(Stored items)

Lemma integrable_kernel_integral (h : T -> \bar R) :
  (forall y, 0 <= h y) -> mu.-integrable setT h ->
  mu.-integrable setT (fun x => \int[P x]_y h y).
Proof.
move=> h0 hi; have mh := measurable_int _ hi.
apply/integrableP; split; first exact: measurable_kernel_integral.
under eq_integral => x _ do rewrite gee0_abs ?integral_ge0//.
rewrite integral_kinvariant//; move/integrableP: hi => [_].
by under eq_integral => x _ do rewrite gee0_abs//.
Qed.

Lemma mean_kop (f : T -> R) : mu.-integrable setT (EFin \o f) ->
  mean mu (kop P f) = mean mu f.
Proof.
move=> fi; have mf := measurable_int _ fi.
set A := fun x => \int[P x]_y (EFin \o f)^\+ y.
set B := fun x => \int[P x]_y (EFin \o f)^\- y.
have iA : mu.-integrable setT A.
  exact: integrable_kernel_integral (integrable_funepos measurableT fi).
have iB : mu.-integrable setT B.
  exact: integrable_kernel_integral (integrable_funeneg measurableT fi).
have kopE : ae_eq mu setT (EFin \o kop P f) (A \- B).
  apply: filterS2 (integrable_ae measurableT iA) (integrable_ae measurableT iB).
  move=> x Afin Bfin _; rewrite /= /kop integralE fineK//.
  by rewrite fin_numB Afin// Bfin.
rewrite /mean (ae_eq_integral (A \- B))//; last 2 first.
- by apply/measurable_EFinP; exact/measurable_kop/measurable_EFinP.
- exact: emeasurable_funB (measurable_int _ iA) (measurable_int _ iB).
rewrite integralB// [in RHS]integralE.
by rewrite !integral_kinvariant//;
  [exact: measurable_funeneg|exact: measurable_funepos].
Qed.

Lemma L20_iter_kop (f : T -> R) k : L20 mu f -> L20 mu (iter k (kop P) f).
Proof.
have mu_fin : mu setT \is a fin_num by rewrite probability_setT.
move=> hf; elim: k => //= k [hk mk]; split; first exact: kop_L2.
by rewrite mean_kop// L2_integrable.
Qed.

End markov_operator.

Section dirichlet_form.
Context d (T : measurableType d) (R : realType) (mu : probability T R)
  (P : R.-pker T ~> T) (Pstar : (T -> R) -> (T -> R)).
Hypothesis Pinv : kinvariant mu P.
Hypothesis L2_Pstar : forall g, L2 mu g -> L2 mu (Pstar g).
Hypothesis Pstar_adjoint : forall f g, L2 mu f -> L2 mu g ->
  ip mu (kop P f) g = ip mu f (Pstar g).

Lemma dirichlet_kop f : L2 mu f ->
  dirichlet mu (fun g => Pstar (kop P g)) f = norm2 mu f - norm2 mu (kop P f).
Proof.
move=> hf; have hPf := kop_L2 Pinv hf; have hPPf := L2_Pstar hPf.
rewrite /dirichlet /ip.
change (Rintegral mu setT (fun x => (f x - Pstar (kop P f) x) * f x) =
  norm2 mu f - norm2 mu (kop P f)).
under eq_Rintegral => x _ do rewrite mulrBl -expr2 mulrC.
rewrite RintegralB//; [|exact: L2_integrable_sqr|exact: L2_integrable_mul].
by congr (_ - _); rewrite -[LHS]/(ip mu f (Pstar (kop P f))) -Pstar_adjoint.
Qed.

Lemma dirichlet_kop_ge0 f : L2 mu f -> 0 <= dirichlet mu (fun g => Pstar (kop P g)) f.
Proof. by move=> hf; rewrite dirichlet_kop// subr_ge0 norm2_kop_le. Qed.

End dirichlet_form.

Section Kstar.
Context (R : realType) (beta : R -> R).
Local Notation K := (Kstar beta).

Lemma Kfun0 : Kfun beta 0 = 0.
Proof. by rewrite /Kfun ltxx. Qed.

> What you should do
Count every line in the data where the string "apply" occurs. Give nothing except the number.

> Solved exercise
3